[Data extracted from a collection]

(* Let $t$ be a positive integer, $w\ge\lceil (t+1)/2\rceil$ an integer, and $V$ a voter matrix with $t$ topics and $n$ voters such that $md_V<w$. For $l=0,\dots,t$ let $v_l$ be the number of rows of $V$ with exactly $l$ entries $Y$. Then for every $k=w,\dots,t$, $$s_{k,0}v_0+s_{k,1}v_1+\dots+s_{k,t}v_t\le s_{k,t}\left\lfloor\frac{n-1}{2}\right\rfloor.$$
   Context: A voter matrix with $t$ topics is a matrix $V\in\{Y,N\}^{n\times t}$ for some positive integer $n$ (rows are voters), subject to the standing assumption that in every column the number of entries $Y$ is at least the number of entries $N$. A proposal is a vector in $\{Y,N\}^t$; a $k$-proposal is one with exactly $k$ entries $Y$, and an $l$-voter is a vector (row) with exactly $l$ entries $Y$. A voter $v$ supports a proposal $p$ if the Hamming distance between $v$ and $p$ is at most $t/2$; $p$ is supported by $V$ if at least $n/2$ rows of $V$ support $p$. $md_V$ is the maximum number of entries $Y$ of a proposal supported by $V$. $s_{k,l}$ denotes the number of $k$-proposals supported by a given $l$-voter (independent of the choice of $l$-voter). *)

(* Y is encoded as [true], N as [false]. *)
From mathcomp Require Import all_boot.
Set Implicit Arguments. Unset Strict Implicit. Unset Printing Implicit Defensive.

Definition vote (t : nat) := {ffun 'I_t -> bool}.

Definition numY (t : nat) (p : vote t) : nat := #|[set i | p i]|.

Definition hamming (t : nat) (v p : vote t) : nat := #|[set i | v i != p i]|.

(* voter v supports p iff dist(v,p) <= t/2, i.e. 2*dist <= t *)
Definition supports (t : nat) (v p : vote t) : bool := (hamming v p).*2 <= t.

Definition voter_matrix (t n : nat) (V : 'I_n -> vote t) : Prop :=
  0 < n /\
  forall j : 'I_t, #|[set r | ~~ V r j]| <= #|[set r | V r j]|.

Definition supported (t n : nat) (V : 'I_n -> vote t) (p : vote t) : bool :=
  n <= (#|[set r | supports (V r) p]|).*2.

(* md_V < w : every supported proposal has fewer than w entries Y *)
Definition md_lt (t n : nat) (V : 'I_n -> vote t) (w : nat) : Prop :=
  forall p : vote t, supported V p -> numY p < w.

Definition canon_voter (t l : nat) : vote t := [ffun i : 'I_t => i < l].

(* s_{k,l}: number of k-proposals supported by (a given, here the canonical) l-voter *)
Definition s (t k l : nat) : nat :=
  #|[set p : vote t | (numY p == k) && supports (canon_voter t l) p]|.

Definition vcount (t n : nat) (V : 'I_n -> vote t) (l : nat) : nat :=
  #|[set r | numY (V r) == l]|.

From mathcomp Require Import all_boot.
From mathcomp Require Import fingroup perm zify.
Set Implicit Arguments. Unset Strict Implicit. Unset Printing Implicit Defensive.

(** Permuting coordinates preserves the number of Y entries and Hamming
    distances, and sorts any l-voter into the canonical one, so a voter
    with l entries Y supports exactly s_{k,l} k-proposals. Counting the pairs
    (row, supported k-proposal) in two ways turns the left-hand side into the
    sum, over all k-proposals p, of the number of rows supporting p. Since
    k >= w > md_V, no such p is supported by V, so fewer than n/2 rows, i.e.
    at most (n-1)/2, support it; and as 2k > t the all-Y voter supports every
    k-proposal, so there are exactly s_{k,t} of them. *)

Lemma sum_mul_card_fibres (I : finType) (m : nat) (g : I -> nat) (F : nat -> nat) :
  (forall i, g i < m) ->
  \sum_(l < m) F l * #|[set i | g i == l]| = \sum_i F (g i).
Proof.
move=> g_lt; rewrite (partition_big (fun i => Ordinal (g_lt i)) xpredT) //=.
apply: eq_bigr => l _; rewrite mulnC -sum_nat_cond_const.
by apply: eq_big => // i /eqP <-.
Qed.

Lemma sum_card_rel (I J : finType) (Q : pred J) (R : I -> J -> bool) :
  \sum_i #|[set j | Q j && R i j]| = \sum_(j | Q j) #|[set i | R i j]|.
Proof.
rewrite (eq_bigr (fun i => \sum_(j | Q j) R i j)) => [|i _].
  rewrite exchange_big; apply: eq_bigr => j _.
  by rewrite -sum1_card [RHS]big_mkcond; apply: eq_bigr => i _; rewrite inE; case: (R i j).
rewrite -sum1_card big_mkcond [RHS]big_mkcond /=.
by apply: eq_bigr => j _; rewrite inE; case: (Q j); case: (R i j).
Qed.

Section Votes.

Variable t : nat.
Implicit Types (sg : 'S_t) (p v : vote t).

Definition vperm sg p : vote t := [ffun i => p (sg i)].

Lemma vperm_inj sg : injective (vperm sg).
Proof.
move=> p q /ffunP eq_pq; apply/ffunP => i.
by have := eq_pq (sg^-1 i)%g; rewrite !ffunE permKV.
Qed.

Lemma numY_vperm sg p : numY (vperm sg p) = numY p.
Proof.
rewrite /numY -[RHS](card_preimset _ (@perm_inj _ sg)).
by apply: eq_card => i; rewrite !inE ffunE.
Qed.

Lemma hamming_vperm sg v p : hamming (vperm sg v) (vperm sg p) = hamming v p.
Proof.
rewrite /hamming -[RHS](card_preimset _ (@perm_inj _ sg)).
by apply: eq_card => i; rewrite !inE !ffunE.
Qed.

Lemma vperm_canon_voter v : exists sg, vperm sg v = canon_voter t (numY v).
Proof.
set A := [set i | v i].
(* Listing the Y-positions of v before its N-positions orders 'I_t into a
   permutation that sorts v. *)
have /tuple_permP[sg enumAC] : perm_eq (enum A ++ enum (~: A)) (ord_tuple t).
  rewrite val_ord_tuple; apply: uniq_perm => [||i]; rewrite ?enum_uniq //.
    by rewrite cat_uniq !enum_uniq andbT /=; apply/hasPn => i; rewrite !mem_enum inE => ->.
  by rewrite mem_cat !mem_enum !inE orbN.
have vA : map v (enum A) = nseq #|A| true.
  rewrite cardE -(size_map v); apply/all_pred1P; rewrite all_map.
  by apply/allP => x; rewrite mem_enum inE /= => ->.
have vAC : map v (enum (~: A)) = nseq #|~: A| false.
  rewrite cardE -(size_map v); apply/all_pred1P; rewrite all_map.
  by apply/allP => x; rewrite mem_enum !inE /= => /negbTE ->.
exists sg; apply/ffunP => i; rewrite !ffunE.
have -> : sg i = nth i (enum A ++ enum (~: A)) i.
  by rewrite enumAC nth_mktuple tnth_ord_tuple.
rewrite -(nth_map i false) ?size_cat -?cardE ?cardsC ?card_ord //.
by rewrite map_cat vA vAC nth_cat size_nseq !nth_nseq if_same; case: (i < numY v).
Qed.

Lemma card_numY_supports (k : nat) v :
  #|[set p : vote t | (numY p == k) && supports v p]| = s t k (numY v).
Proof.
have [sg sgv] := vperm_canon_voter v.
rewrite /s -sgv -[RHS](card_preimset _ (@vperm_inj sg)).
by apply: eq_card => p; rewrite !inE numY_vperm /supports hamming_vperm.
Qed.

Lemma numY_le p : numY p <= t.
Proof. by rewrite -[t in _ <= t]card_ord max_card. Qed.

Lemma hamming_all_Y p : hamming (canon_voter t t) p = t - numY p.
Proof.
rewrite /hamming (_ : [set i | _] = ~: [set i | p i]).
  by rewrite cardsCs setCK card_ord.
by apply/setP => i; rewrite !inE ffunE ltn_ord.
Qed.

Lemma s_all_Y (k : nat) :
  t <= k.*2 -> s t k t = #|[set p : vote t | numY p == k]|.
Proof.
move=> le_t_2k; apply: eq_card => p; rewrite !inE /supports hamming_all_Y.
by case: eqP => //= ->; lia.
Qed.

Lemma card_supports_unsupported (n : nat) (V : 'I_n -> vote t) p :
  ~~ supported V p -> #|[set r | supports (V r) p]| <= (n - 1)./2.
Proof. by rewrite /supported -ltnNge geq_half_double; lia. Qed.

End Votes.

Theorem lemma4p5 (t w n : nat) (V : 'I_n -> vote t) :
  0 < t -> (t.+2)./2 <= w ->
  voter_matrix V -> md_lt V w ->
  forall k, w <= k <= t ->
  \sum_(l < t.+1) s t k l * vcount V l <= s t k t * ((n - 1)./2).
Proof.
move=> _ le_half_w _ md_V k /andP[le_wk _].
have le_t_2k : t <= k.*2.
  by have := leq_trans le_half_w le_wk; rewrite leq_half_double ltnS => /ltnW.
rewrite (@sum_mul_card_fibres _ _ (fun r => numY (V r))) => [|r]; last by rewrite ltnS numY_le.
under eq_bigr do rewrite -card_numY_supports.
rewrite sum_card_rel s_all_Y // -sum_nat_cond_const.
apply: leq_sum => p /eqP numYp; apply: card_supports_unsupported.
by apply: contraL le_wk => /md_V; rewrite numYp -ltnNge.
Qed.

• **ACTION ITEM**:
Please copy the lines in the records above between the one holding "Definition canon_voter (t" and the one holding "move=> g_lt; rewrite", inclusive, exactly and with no other line.

• **ANSWER TO THIS TASK**:
Definition canon_voter (t l : nat) : vote t := [ffun i : 'I_t => i < l].

(* s_{k,l}: number of k-proposals supported by (a given, here the canonical) l-voter *)
Definition s (t k l : nat) : nat :=
  #|[set p : vote t | (numY p == k) && supports (canon_voter t l) p]|.

Definition vcount (t n : nat) (V : 'I_n -> vote t) (l : nat) : nat :=
  #|[set r | numY (V r) == l]|.

From mathcomp Require Import all_boot.
From mathcomp Require Import fingroup perm zify.
Set Implicit Arguments. Unset Strict Implicit. Unset Printing Implicit Defensive.

(** Permuting coordinates preserves the number of Y entries and Hamming
    distances, and sorts any l-voter into the canonical one, so a voter
    with l entries Y supports exactly s_{k,l} k-proposals. Counting the pairs
    (row, supported k-proposal) in two ways turns the left-hand side into the
    sum, over all k-proposals p, of the number of rows supporting p. Since
    k >= w > md_V, no such p is supported by V, so fewer than n/2 rows, i.e.
    at most (n-1)/2, support it; and as 2k > t the all-Y voter supports every
    k-proposal, so there are exactly s_{k,t} of them. *)

Lemma sum_mul_card_fibres (I : finType) (m : nat) (g : I -> nat) (F : nat -> nat) :
  (forall i, g i < m) ->
  \sum_(l < m) F l * #|[set i | g i == l]| = \sum_i F (g i).
Proof.
move=> g_lt; rewrite (partition_big (fun i => Ordinal (g_lt i)) xpredT) //=.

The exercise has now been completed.